As opposed to downloading large csv datasets, we decided to use rscorcard to retrieve only the relevant information. rscorecard is a R wrapper for U.S. Department of Education College Scorecard Data API which allows for the remotly access and download the Department of Education’s College Scorecard data. It is based on the ‘dplyr’ model of piped commands to select and filter data in a single chained function call.

This package can installed in RStudio by running the command install.packages("rscorecard") in the console.

Merely loading the package is not enough to use its functions. In order to communicate with the server which hosts the data, an API key from the U.S. Department of Education is required. This key acts as an authentication tool.

rscorecard::sc_key(APIKey)

Our group was interested in the relationship between tuition cost and earnings after graduation across different academic fields. Although there were fields which recorded the proportion of degrees recieved in specific fields, these fields were not well standardized (i.e. “Engineering” vs. “Engineering or related fields”). Therefore, we decided to narrow our scope to special-focus schools, as defined by the basic classification Carnegie Classification method, instead.

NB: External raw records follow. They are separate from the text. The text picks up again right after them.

(* Let $d\in \mathbb{N}$. Then the following are equivalent: (i) Every bilipschitz mapping $f\colon \mathbb{Z}^{d}\to \mathbb{R}^{d}$ admits a bilipschitz mapping $F\colon \mathbb{R}^{d}\to\mathbb{R}^{d}$ with $F|_{\mathbb{Z}^{d}}=f$. (ii) For every separated net $A$ of $\mathbb{R}^{d}$ and every bilipschitz mapping $f\colon A\to \mathbb{R}^{d}$ there is a bilipschitz mapping $F\colon \mathbb{R}^{d}\to\mathbb{R}^{d}$ with $F|_{A}=f$. Furthermore, if (i) holds with $\operatorname{bilip}(F)\leq C_{d}(\operatorname{bilip}(f))$ for some monotone increasing function $C_{d}\colon [1,\infty)\to [1,\infty)$, then (ii) holds with \[\operatorname{bilip}(F)\leq K\cdot C_{d}\big(24\sqrt{d}R^{2}K^{3}\operatorname{bilip}(f)\big),\] where $K:= 16\max\{\frac{3d}{r},1\}$ and $A$ is an $r$-separated $R$-net (i.e. $R$ and $r$ are the net and separation constants of $A$).
   Context: $\|\cdot\|$ is the Euclidean norm. A set $A\subseteq\mathbb{R}^d$ is $r$-separated if $\|a-a'\|\geq r$ for all distinct $a,a'\in A$; it is an $R$-net if for every $x\in\mathbb{R}^d$ there is $a\in A$ with $\|x-a\|\leq R$; a separated net is a set that is an $r$-separated $R$-net for some $r,R>0$. For a mapping $f$, $\operatorname{Lip}(f)=\sup_{x\neq y}\|f(y)-f(x)\|/\|y-x\|$; for injective $f$, $\operatorname{bilip}(f)=\max\{\operatorname{Lip}(f),\operatorname{Lip}(f^{-1})\}$. $f$ is $L$-bilipschitz if $\operatorname{bilip}(f)\le L$, and bilipschitz if it is $L$-bilipschitz for some finite $L$. *)

From HB Require Import structures.
From mathcomp Require Import all_boot all_order all_algebra.
From mathcomp Require Import all_classical all_reals.
Set Implicit Arguments. Unset Strict Implicit. Unset Printing Implicit Defensive.
Import Order.TTheory GRing.Theory Num.Theory.
Local Open Scope ring_scope.
Local Open Scope classical_set_scope.

Section Defs.
Variables (R : realType) (d : nat).
Notation vec := 'rV[R]_d.

Definition enorm (x : vec) : R := Num.sqrt (\sum_(i < d) x ord0 i ^+ 2).

Definition Zd : set vec := [set x | forall i : 'I_d, x ord0 i \is a Num.int].

Definition separated (r : R) (A : set vec) : Prop :=
  forall a a', A a -> A a' -> a != a' -> r <= enorm (a - a').

Definition is_net (Rn : R) (A : set vec) : Prop :=
  forall x : vec, exists2 a, A a & enorm (x - a) <= Rn.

The special-focus designation was based on the concentration of degrees in a single field or set of related fields, at both the undergraduate and graduate levels. Institutions were determined to have a special focus if they met any of the following conditions:

Conferred at least 75% of degrees in just one field (as determined by the first two digits of the CIP Code) other than “Liberal Arts & Sciences, General Studies or Humanities” (CIP2=24)

Conferred 70-74% in one field and conferred degrees in no more than 2 other fields.

Conferred 60-69% in one field and conferred degrees in no more than 1 other field.

— Carnegie Classification of Institutions of Higher Education

Table 1.1 provides a list of the school types that we included in our dataset. For a complete list of all school classifications and corresponding definitions/methodology, see Carnegie Classification of Institutions of Higher Education. The specific earnings and tuition variables we considered are located in Table 1.2.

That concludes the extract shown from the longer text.